NLP Beyond Text

2nd International Workshop on Cross/Multi modal Natural Language Processing

co-located with The Web Conference 2021


  • The program of the workshop is out!

  • We're delighted to announce that we'll have 4 keynote speakers.

  • The list of accepted papers is out!

  • Submission Deadline extended

  • The First Call for Papers is out! Check it here.

  • NLPBT 2021 will be co-located with The Web Conference 2021!

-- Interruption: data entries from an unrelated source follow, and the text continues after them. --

Lemma pU_sum (p : aa -> R) u : pU p c u = \sum_x p x * c x u.
Proof.
rewrite /pU (bigD1 (alpha u)) //= big1 ?addr0 // => x hx.
by rewrite (proj2 (hc x)) ?mulr0 // eq_sym.
Qed.

Lemma pU_delta xi u : pU (delta R xi) c u = c xi u.
Proof. by rewrite pU_sum sum_indicator. Qed.

Lemma pZ_mix p z : pZ q gam m p c z = \sum_x p x * pZ q gam m (delta R x) c z.
Proof.
rewrite /pZ; under eq_bigr do rewrite pU_sum mulr_suml.
rewrite exchange_big /=; apply: eq_bigr => x _.
by rewrite mulr_sumr; apply: eq_bigr => u _; rewrite pU_delta mulrA.
Qed.

Variable p : aa -> R.
Hypothesis hp : is_dist p.

Lemma pU_ge0 u : 0 <= pU p c u.
Proof. by rewrite mulr_ge0 ?(proj1 hp) ?(proj1 (proj1 (hc _))). Qed.

Lemma pU_sum1 : \sum_u pU p c u = 1.
Proof.
under eq_bigr do rewrite pU_sum.
rewrite exchange_big /= -[RHS](proj2 hp); apply: eq_bigr => x _.
by rewrite -mulr_sumr (proj2 (proj1 (hc x))) mulr1.
Qed.

Lemma pZ_sum1 : \sum_z pZ q gam m p c z = 1.
Proof.
rewrite /pZ exchange_big /= -[RHS]pU_sum1; apply: eq_bigr => u _.
by rewrite -mulr_sumr W_rowsum mulr1.
Qed.

Hypotheses (hq : 0 <= q <= 1) (hg : 0 <= gam <= 3 / 2).

Lemma pZ_ge0 z : 0 <= pZ q gam m p c z.
Proof. by apply: sumr_ge0 => u _; rewrite mulr_ge0 ?pU_ge0 ?W_ge0. Qed.

Lemma pU_W_le_pZ u z : pU p c u * W q gam m u z <= pZ q gam m p c z.
Proof.
rewrite /pZ (bigD1 u) //= lerDl sumr_ge0 // => v _.
by rewrite mulr_ge0 ?pU_ge0 ?W_ge0.
Qed.

Lemma mutinf_term u z :
  (if pU p c u * W q gam m u z == 0 then 0
   else pU p c u * W q gam m u z * log2 (W q gam m u z / pZ q gam m p c z))
  = pU p c u * xlog2 (W q gam m u z)
    - pU p c u * W q gam m u z * log2 (pZ q gam m p c z).
Proof.
have [pW0|pWn0] := eqVneq (pU p c u * W q gam m u z) 0.
  rewrite pW0 mul0r subr0.
  move/eqP: pW0; rewrite mulf_eq0 => /orP[/eqP->|/eqP W0]; first by rewrite mul0r.
  by rewrite W0 /xlog2 eqxx mulr0.
have pWp : 0 < pU p c u * W q gam m u z by rewrite lt_def pWn0 mulr_ge0 ?pU_ge0 ?W_ge0.
have pZp : 0 < pZ q gam m p c z := lt_le_trans pWp (pU_W_le_pZ u z).
move: pWn0; rewrite mulf_eq0 negb_or => /andP[_ Wn0].
have Wp : 0 < W q gam m u z by rewrite lt_def Wn0 W_ge0.
by rewrite log2_div // /xlog2 (negbTE Wn0); ring.
Qed.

Humans interact with each other through several means (e.g., voice, gestures, written text, facial expressions, etc.) and a natural human-machine interaction system should preserve the same modality (Kiela et al., 2018). However, traditional Natural Language Processing (NLP) focuses on analyzing textual input to solve language understanding and reasoning tasks, and other modalities are only partially targeted. This workshop aims to promote research in the area of Multi/Cross-Modal NLP, i.e., studying computational approaches exploiting the different modalities humans adopt to communicate. In particular, the focus of this workshop is (i) studying how to bridge the gap between NLP on spoken and written language (Chung et al., 2018; Elizalde et al., 2019) and (ii) exploring how NLU models can be empowered by jointly analyzing multiple input sources, including language (spoken or written), vision (gestures and expressions) and acoustic (paralingustic) modalities (Abouelenien et al., 2017; Madhysastha et al., 2018). The former comes from the observation that voice-based interaction, which is typical of conversational agents, poses new challenges to NLU. The latter aims to address the way humans acquire and use language. Usually, it happens in a perceptually rich environment (Evtimova et al., 2017), where they communicate using modalities that go beyond language itself. Therefore, extending NLP to modalities beyond written text is a fundamental step in allowing AI systems to reach human-like capabilities.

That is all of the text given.